In the end, it is better to have potentially slow code than non-working code. The slow code can be inspected and studied and can be optimized later.
My Docker Utopia
Having one piece of code in a Docker container is a good start. But in a better world, we take it one step further. I want to have the entire pipeline from having only raw data to published paper captured in a reproducible workflow.
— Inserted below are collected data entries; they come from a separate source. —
(* For fixed t the integrand is an affine function of x plus the nonnegative weight
   (t^2 + (1-t)^2) / (1-2t)^2 times exp (n x ln t + n (1-x) ln (1-t)); it is therefore convex
   in x, and integration preserves convexity.  On the grid x = k/n the power
   t^(nx) (1-t)^(n(1-x)) becomes the monomial t^k (1-t)^(n-k): the numerator vanishes for
   k = 2, 3, and for k = 1, n - 1 it is (1-2t)^2 times a polynomial, so Phi_n is an explicit
   sum of Beta integrals, at most 4/n resp. 16/n.  Convexity spreads these values over
   [1/n, 1 - 1/n]: the chord through 1/n and 1 - 1/n gives the upper bound, and the zeros at
   2/n and 3/n, together with the value at 1/n, give the lower bound.
   The integrand is integrable because its singularity at t = 1/2 is removable: with
   L = ln (t/(1-t)) and m = n x - 2 the numerator is t^2 (1-t)^(n-2) (e^(mL) - m e^L + m - 1),
   which is L^2 times an entire function of L, while 1 - 2t = -(1-t)(e^L - 1) is L times a
   nonvanishing one. *)

From Stdlib Require Import Reals Lra Lia Factorial.
From Coquelicot Require Import Coquelicot.
Open Scope R_scope.

Lemma exp_convex (p q l : R) : 0 <= l <= 1 ->
  exp (l * p + (1 - l) * q) <= l * exp p + (1 - l) * exp q.
Proof.
  intros Hl. set (z := l * p + (1 - l) * q).
  assert (Hp : exp z * (1 + (p - z)) <= exp p).
  { replace (exp p) with (exp z * exp (p - z)) by (rewrite <- exp_plus; f_equal; ring).
    apply Rmult_le_compat_l; [apply Rlt_le, exp_pos | apply exp_ineq1_le]. }
  assert (Hq : exp z * (1 + (q - z)) <= exp q).
  { replace (exp q) with (exp z * exp (q - z)) by (rewrite <- exp_plus; f_equal; ring).
    apply Rmult_le_compat_l; [apply Rlt_le, exp_pos | apply exp_ineq1_le]. }
  assert (Hz : l * (p - z) + (1 - l) * (q - z) = 0) by (unfold z; ring).
  assert (exp z = l * (exp z * (1 + (p - z))) + (1 - l) * (exp z * (1 + (q - z))))
    by (transitivity (exp z * (1 + (l * (p - z) + (1 - l) * (q - z)))); [rewrite Hz |]; ring).
  destruct Hl. nra.
Qed.

Lemma convex_on_affine_exp (a b K c d lo hi : R) : 0 <= K ->
  convex_on (fun x => a + b * x + K * exp (c * x + d)) lo hi.
Proof.
  intros HK x y l _ _ Hl.
  replace (c * (l * x + (1 - l) * y) + d) with (l * (c * x + d) + (1 - l) * (c * y + d)) by ring.
  pose proof (exp_convex (c * x + d) (c * y + d) l Hl). nra.
Qed.

Lemma convex_on_scal (k : R) (f : R -> R) (a b : R) : 0 <= k ->
  convex_on f a b -> convex_on (fun x => k * f x) a b.
Proof. intros Hk Hf x y l Hx Hy Hl. pose proof (Hf x y l Hx Hy Hl). nra. Qed.

Lemma convex_on_RInt (f : R -> R -> R) (a b c d : R) : c <= d ->
  (forall x, a <= x <= b -> ex_RInt (f x) c d) ->
  (forall t, convex_on (fun x => f x t) a b) ->
  convex_on (fun x => RInt (f x) c d) a b.
Proof.
  intros Hcd Hint Hcvx x y l Hx Hy Hl.
  assert (Hz : a <= l * x + (1 - l) * y <= b) by nra.
  assert (Hxy : is_RInt (fun t => l * f x t + (1 - l) * f y t) c d
                  (l * RInt (f x) c d + (1 - l) * RInt (f y) c d))
    by exact (is_RInt_plus _ _ _ _ _ _
                (is_RInt_scal _ _ _ l _ (RInt_correct _ _ _ (Hint x Hx)))
                (is_RInt_scal _ _ _ (1 - l) _ (RInt_correct _ _ _ (Hint y Hy)))).
  rewrite <- (is_RInt_unique _ _ _ _ Hxy).
  apply RInt_le; [exact Hcd | exact (Hint _ Hz) | eexists; exact Hxy |].
  intros t _. exact (Hcvx t x y l Hx Hy Hl).
Qed.

Lemma convex_on_three_points (F : R -> R) (a b p q r : R) : convex_on F a b ->
  a <= p -> p <= q -> q <= r -> r <= b ->
  (r - p) * F q <= (r - q) * F p + (q - p) * F r.
Proof.
  intros HF Hap Hpq Hqr Hrb.
  destruct (Req_dec p r) as [<- | Hpr].
  - replace q with p by lra. lra.
  - set (l := (r - q) / (r - p)).
    assert (Hl : 0 <= l <= 1).
    { unfold l. split; [apply Rdiv_le_0_compat; lra |].
      apply (Rmult_le_reg_r (r - p)); [lra |]. unfold Rdiv.
      rewrite Rmult_assoc, Rinv_l by lra. lra. }
    pose proof (HF p r l ltac:(lra) ltac:(lra) Hl) as H.
    replace (l * p + (1 - l) * r) with q in H by (unfold l; field; lra).
    replace ((r - q) * F p + (q - p) * F r) with ((r - p) * (l * F p + (1 - l) * F r))
      by (unfold l; field; lra).
    apply Rmult_le_compat_l; lra.
Qed.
There I propose the following architecture, which I dub The Science Machine (TSM). The exact details and architecture of The Science Machine are still a bit vague but the global idea is that it should do the following. Suppose you published a paper (Congratulations!). I want to be able to recreate the paper from only the raw, unfiltered, freshly-acquired data. TSM is a Docker container which has the raw data and LaTeX sources attached to it. TSM’s main entry point is called main
which looks something like this:
main():
perform_data_filtering()
process_data()
generate_results()
compile_latex()
perform_data_filtering
– as the name suggests – processes and selects your raw data based on deterministic and reproducible criteria. This should prevent cherry-picking data because it supports your hypothesis and articulate why you exclude certain data points. It can also do certain transformations such that your data is ready for the next step.
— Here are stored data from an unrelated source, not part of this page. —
Lemma yields_test_mismatch p j b r :
  j <= n -> rho j != b -> fetch X p = Some (test_in j b) -> yields p.+1 r -> yields p r.
Proof.
move=> le_jn /negPf rho_j fetch_p Y o; have [s' [T R]] := Y o; exists s'; split=> //.
have {}rho_j : rho j = ~~ b by move: rho_j; case: (rho j); case: (b).
by case: b rho_j fetch_p => rho_j fetch_p;
  [apply: (T_neg fetch_p) | apply: (T_pos fetch_p)]; rewrite //= rho_j.
Qed.

Lemma yields_emit p v :
  fetch X p = Some (emit v) -> fetch X p.+2 = Some ITerm -> yields p v.
Proof.
move=> fetch_p fetch_term o; exists (State rho (fun _ => false) v); split=> //.
by case: v fetch_p => fetch_p;
  [apply: (T_neg fetch_p) | apply: (T_pos fetch_p)]; rewrite //=; apply: T_term.
Qed.

Section BlockRun.
Variables (pre : seq instr) (bs : seq bool) (v : bool) (post : seq instr).
Hypothesis X_def : X = pre ++ block bs v ++ post.
Hypothesis size_bs : size bs <= n.
Let q := size pre.

Definition agrees_below (j : nat) : Prop :=
  forall i, i < j -> rho i.+1 = nth false bs i.

Lemma yields_block_prefix {j r} :
  j <= size bs -> agrees_below j -> yields (q + j.*2).+1 r -> yields q.+1 r.
Proof.
elim: j => [|j IH] le_j agree Y; first by rewrite addn0 in Y.
apply: IH => [||]; first exact: ltnW.
  by move=> i lt_ij; apply: agree; apply: ltnW.
apply: (yields_test_match _ j.+1 (nth false bs j)).
- exact: leq_trans size_bs.
- exact: agree.
- by rewrite X_def fetch_block_test.
- by rewrite doubleS !addnS in Y.
Qed.

Lemma yields_block_match : agrees_below (size bs) -> yields q.+1 v.
Proof.
move=> agree; apply: (yields_block_prefix (leqnn (size bs)) agree).
apply: yields_emit; rewrite X_def; first exact: fetch_block_emit.
by move: (fetch_block_term pre bs v post); rewrite !addnS.
Qed.

(* An input disagreeing with bs somewhere leaves the block: after the first
   failing test, the skips lead past the final instruction !. *)
Lemma yields_block_mismatch r :
  (exists2 i, i < size bs & rho i.+1 != nth false bs i) ->
  yields (q + size (block bs v)).+1 r -> yields q.+1 r.
Proof.
case=> i0 lt_i0 bad_i0 Y.
have ex_bad : exists i, (i < size bs) && (rho i.+1 != nth false bs i).
  by exists i0; rewrite lt_i0.
case: (ex_minnP ex_bad) => i /andP[lt_i bad_i] first_bad.
have agree : agrees_below i.
  move=> k lt_ki; apply/eqP/negPn/negP => bad_k.
  by have := first_bad k; rewrite (ltn_trans lt_ki lt_i) bad_k leqNgt lt_ki => /(_ isT).
apply: (yields_block_prefix (ltnW lt_i) agree).
apply: (yields_test_mismatch _ i.+1 (nth false bs i)) => //.
- exact: leq_trans size_bs.
- by rewrite X_def fetch_block_test.
apply: (yields_skips _ (size bs - i)) => [k le_k|].
  rewrite X_def (_ : _ + k.*2 = (q + (i + k).*2.+1).+1); last by lia.
  by apply: fetch_block_skip; lia.
by rewrite size_block in Y; rewrite (_ : _.+2 = (q + ((size bs).*2 + 3)).+1) //; lia.
Qed.

End BlockRun.
End Execution.

Lemma tuple_diff_nth {n} {b c : n.-tuple bool} :
  b != c -> exists2 i, i < n & nth false b i != nth false c i.
Proof.
move=> neq_bc; case: (boolP [exists i : 'I_n, tnth b i != tnth c i]).
  by case/existsP => i; rewrite !(tnth_nth false) => diff_i; exists i.
rewrite negb_exists => /forallP same; case/eqP: neq_bc.
by apply: eq_from_tnth => i; apply/eqP/negPn.
Qed.

Lemma yields_table {n} (f : n.-tuple bool -> bool) {X b} {s : seq (n.-tuple bool)} {pre} :
  X = pre ++ table f s -> b \in s -> yields n X (rin (init_state b)) (size pre).+1 (f b).
Proof.
elim: s pre => [|c s IH] pre //= X_def; rewrite inE.
have size_c : size (val c) <= n by rewrite size_tuple.
case: (eqVneq b c) => [-> _ | neq_bc /= b_in_s].
  by apply: yields_block_match; [exact: X_def | exact: size_c | move=> i _].
apply: yields_block_mismatch; [exact: X_def | exact: size_c | |].
  by have [i lt_i diff] := tuple_diff_nth neq_bc; exists i; rewrite ?size_tuple.
by rewrite -size_cat; apply: IH; rewrite // X_def -catA.
Qed.

Lemma size_table {n} (f : n.-tuple bool -> bool) s :
  size (table f s) = size s * (n.*2 + 3).
Proof.
by elim: s => [|c s IH] //=; rewrite size_cat IH size_block size_tuple mulSn.
Qed.

Definition na_jump_free_instr (u : instr) : bool :=
  all br_na_basic (instr_basics u) && ~~ is_jump u.

Lemma table_na_jump_free {n} (f : n.-tuple bool -> bool) s :
  all na_jump_free_instr (table f s).
Proof.
have tests_ok k bs : all na_jump_free_instr (tests k bs).
  by elim: bs k => [|b bs IH] k //=; rewrite IH; case: b.
elim: s => [|c s IH] //=; rewrite all_cat IH all_cat tests_ok.
by case: (f c).
Qed.

Lemma br_na_basic_br a : br_na_basic a -> br_basic a.
Proof. by case: a => [[i||] [b|]]. Qed.

Theorem corollary1 :
  exists c : nat, forall (n : nat) (f : n.-tuple bool -> bool),
    exists X : instr_seq,
      in_IS_br_na X /\ jump_free X /\ computes f X /\
      size X <= c * (n + 1) * 2 ^ n.
Proof.
exists 3 => n f; set X := table f (enum {: n.-tuple bool}).
have size_X : size X = 2 ^ n * (n.*2 + 3).
  by rewrite size_table -cardE card_tuple card_bool.
have nonempty_X : nonempty_is X.
  by move=> X_nil; move: size_X; rewrite X_nil => /esym/eqP; rewrite muln_eq0 expn_eq0 addn3.
have na_jf_X : all na_jump_free_instr X := table_na_jump_free f _.
have na_X : all (fun u => all br_na_basic (instr_basics u)) X.
  by apply: (sub_all _ na_jf_X) => u /andP[].
have br_X : in_IS_br X.
  split=> //; apply: (sub_all _ na_X) => u; apply: sub_all; exact: br_na_basic_br.
exists X; split; [by [] | split; [|split]].
- by rewrite /jump_free -all_predC; apply: (sub_all _ na_jf_X) => u /andP[].
- split=> // b; have := yields_table f (erefl : X = [::] ++ X) (mem_enum _ b).
  by move=> /(_ false).
- by rewrite size_X; lia.
Qed.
After this, you should have the data on which you draw your conclusions. In the step process_data
you do your post-processing, statistical analysis, Deep Learning, etc. Then you should have trained models and other output on which you base your results. This step is easily merged with the next, generate_results
, which should spit out plots, confidence intervals, hypotheses, tables, etc. These should be all your presentable results. These results are saved in a known location in a fixed format such that the results are unambiguous in what they mean and where they are derived from.
In the final step, compile_latex
, you take the results from the known locations and place them in the correct locations in your paper, as described by the LaTeX documents. This should produce a document which is exactly the same as the published paper if you use the same raw data.
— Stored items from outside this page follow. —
Lemma Un_cv_geom0 (c s : R) : 0 < s < 1 -> Un_cv (fun n => c * s ^ n) 0.
Proof.
  intros Hs. replace 0 with (c * 0) by ring. apply CV_mult; [apply Un_cv_const|].
  intros eps Heps. destruct (pow_lt_1_zero s ltac:(rewrite Rabs_pos_eq; lra) eps Heps)
    as [N HN].
  exists N. intros n Hn. unfold Rdist. rewrite Rminus_0_r. exact (HN n Hn).
Qed.

Lemma Un_cv_geom_series (c s : R) : 0 < s < 1 ->
  Un_cv (sum_f_R0 (fun n => c * s ^ n)) (c * / (1 - s)).
Proof.
  intros Hs.
  apply Un_cv_ext with (fun N => c * sum_f_R0 (fun n => 1 * s ^ n) N).
  - intros N. rewrite scal_sum. apply sum_eq. intros i _. ring.
  - apply CV_mult; [apply Un_cv_const|]. apply GP_infinite. rewrite Rabs_pos_eq; lra.
Qed.

Lemma Un_cv_pow_mul_geom (q : R) (k : nat) : 0 < q < 1 ->
  Un_cv (fun n => INR n ^ k * q ^ n) 0.
Proof.
  intros Hq. destruct (pow_mul_geom_dominated q k Hq) as [c [s [Hs Hdom]]].
  apply (Un_cv_squeeze0 _ (fun n => c * s ^ n)); [|apply Un_cv_geom0; lra].
  intros n. split; [|apply Hdom].
  apply Rmult_le_pos; apply pow_le; [apply pos_INR|lra].
Qed.

Lemma Un_cv_comp_unbounded (u : nat -> R) (l : R) (f : nat -> nat) :
  Un_cv u l -> (forall M, exists N, forall n, (N <= n)%nat -> (M <= f n)%nat) ->
  Un_cv (fun n => u (f n)) l.
Proof.
  intros Hu Hf eps Heps. destruct (Hu eps Heps) as [M HM].
  destruct (Hf M) as [N HN]. exists N. intros n Hn. apply HM, HN, Hn.
Qed.

Lemma level_series_cv (q : R) : 0 < q < 1 ->
  exists S, Un_cv (sum_f_R0 (level_term q)) S.
Proof.
  intros Hq. destruct (pow_mul_geom_dominated q 1 Hq) as [c [s [Hs Hdom]]].
  assert (Hbound : forall t, 0 <= level_term q t <= (c + 2) * s ^ t).
  { intros t. unfold level_term. set (m := (2 ^ t)%nat).
    assert (Htm : (t <= m)%nat) by apply Nat.lt_le_incl, Nat.pow_gt_lin_r, Nat.lt_1_2.
    assert (Hm : 0 <= INR m) by apply pos_INR.
    assert (Hqm : 0 <= q ^ m <= s ^ m) by (split; [apply pow_le|apply pow_incr]; lra).
    assert (Hsm : s ^ m <= s ^ t).
    { replace m with (t + (m - t))%nat by lia. rewrite pow_add.
      pose proof (pow_incr s 1 (m - t)). rewrite pow1 in *.
      assert (0 <= s ^ t) by (apply pow_le; lra). nra. }
    assert (Hc : 0 <= c) by (specialize (Hdom O); simpl in Hdom; lra).
    specialize (Hdom m). rewrite pow_1 in Hdom.
    assert (INR m * q ^ m * (1 - q) <= INR m * q ^ m).
    { assert (0 <= INR m * q ^ m) by (apply Rmult_le_pos; lra). nra. }
    assert (c * s ^ m <= c * s ^ t) by (apply Rmult_le_compat_l; lra).
    split; [apply Rmult_le_pos; nra|].
    replace (q ^ m * (INR m * (1 - q) + 2)) with (INR m * q ^ m * (1 - q) + 2 * q ^ m)
      by ring.
    lra. }
  destruct (Rseries_CV_comp (level_term q) (fun t => (c + 2) * s ^ t) Hbound) as [S HS].
  - exists ((c + 2) * / (1 - s)). apply Un_cv_geom_series. lra.
  - exists S. exact HS.
Qed.

Lemma levels_unbounded (M : nat) : exists N, forall n, (N <= n)%nat -> (M <= levels n)%nat.
Proof.
  exists (2 ^ M)%nat. intros n Hn. unfold levels.
  rewrite <- (Nat.log2_up_pow2 M) at 1 by lia. apply Nat.log2_up_le_mono. lia.
Qed.

Lemma tail_factor_bounds (q : R) (N : nat) : 0 < q < 1 ->
  0 <= tail_factor q N <= 9 / (1 - q) * INR (N + 1) ^ 3.
Proof.
  intros Hq. pose proof (pow2_levels_le N) as Hpow. pose proof (levels_le N) as HK.
  assert (Hw : 0 < 1 - q < 1) by lra.
  rewrite plus_INR. change (INR 1) with 1.
  unfold tail_factor, diag_len. set (K := levels N) in *. set (m := INR N + 1).
  assert (Hm : 1 <= m) by (pose proof (pos_INR N); unfold m; lra).
  assert (HKm : 0 <= INR K <= m).
  { split; [apply pos_INR|]. unfold m. rewrite <- (INR_1), <- plus_INR. apply le_INR, HK. }
  assert (HP : 1 <= 2 ^ K <= INR K * m + 1).
  { split; [apply pow_R1_Rle; lra|].
    apply le_INR in Hpow. rewrite plus_INR, mult_INR, plus_INR, pow_INR in Hpow.
    exact Hpow. }
  replace (INR N + 2) with (m + 1) by (unfold m; ring). fold m.
  set (P := 2 ^ K) in *. set (k := INR K) in *. set (w := 1 - q) in *.
  assert (Hinv : 1 <= / w) by (rewrite <- Rinv_1; apply Rinv_le_contravar; lra).
  assert (Hm3 : 1 <= m /\ m <= m ^ 3 /\ m * m <= m ^ 3) by (simpl; nra).
  assert (Hkm : 0 <= k * m <= m * m) by nra.
  set (D := m + (m + 1) * (k * m - P + 1)).
  assert (HD : 0 <= D <= 3 * m ^ 3) by (unfold D; simpl in Hm3 |- *; nra).
  assert (HwD : 0 <= w * D <= D) by nra.
  assert (Hka : 0 <= 2 * k * / w <= 2 * m ^ 3 * / w) by nra.
  assert (H3 : 3 * m ^ 3 <= 3 * m ^ 3 * / w) by nra.
  split; nra.
Qed.

Lemma tail_cv0 (q : R) : 0 < q < 1 ->
  Un_cv (fun N => q ^ (N + 1) * tail_factor q N) 0.
Proof.
  intros Hq.
  apply (Un_cv_squeeze0 _ (fun N => 9 / (1 - q) * (INR (N + 1) ^ 3 * q ^ (N + 1)))).
  - intros N. destruct (tail_factor_bounds q N Hq) as [Hlo Hhi].
    assert (0 <= q ^ (N + 1)) by (apply pow_le; lra).
    split; [apply Rmult_le_pos; lra|].
    rewrite Rmult_comm, <- Rmult_assoc. apply Rmult_le_compat_r; assumption.
  - replace 0 with (9 / (1 - q) * 0) by ring. apply CV_mult; [apply Un_cv_const|].
    apply (CV_shift' (fun n => INR n ^ 3 * q ^ n) 1). apply Un_cv_pow_mul_geom, Hq.
Qed.

Theorem corollary5 :
  forall (C : nat * nat -> word), prefix_code C -> cinf_lengths C ->
  forall q : R, 0 < q < 1 ->
  exists S : R,
    infinite_sum (fun t : nat => q ^ (2 ^ t) * (INR (2 ^ t) * (1 - q) + 2)) S /\
    infinite_sum (diag_term q C) (1 + S / (1 - q)).
Proof.
  intros C _ HC q Hq.
  destruct (level_series_cv q Hq) as [S HS].
  exists S. split; [exact HS|].
  assert (Hlevels : Un_cv (fun N => level_sum q (levels N)) S).
  { apply Un_cv_comp_unbounded; [|exact levels_unbounded].
    apply (CV_shift _ 1). apply Un_cv_ext with (sum_f_R0 (level_term q)); [|exact HS].
    intros n. rewrite Nat.add_1_r. symmetry. apply level_sum_succ. }
  apply Un_cv_ext with
    (fun N => 1 + level_sum q (levels N) / (1 - q) - q ^ (N + 1) * tail_factor q N).
  { intros N. symmetry. apply diag_partial_sum; [lra|exact HC]. }
  replace (1 + S / (1 - q)) with (1 + S * / (1 - q) - 0) by (unfold Rdiv; ring).
  apply CV_minus; [|apply tail_cv0, Hq].
  apply CV_plus; [apply Un_cv_const|].
  apply CV_mult; [exact Hlevels|apply Un_cv_const].
Qed.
In the end, this should help everybody because the researcher is being explicit about their choices which should help the quality of their research and the ability to express and transfer their work. It also helps supervisors because all work and choices are explicit, progress is quantified and errors are easily spotted. It also helps other researchers because work is reproducible. All you have to do to reproduce results is to attach your own data and run TSM. In the end, it should create the same results.
Conclusions
By now, I hope to have convinced you of the value that Docker might offer for reproducible science if your output includes software. Having an explicit, fixed, and isolated environment is a prerequisite for software that is expected to always produce the same results, given the same data. Still, I think we can still do better by capturing the entire data processing pipeline in fixed environments. This is what I want to achieve by introducing The Science Machine.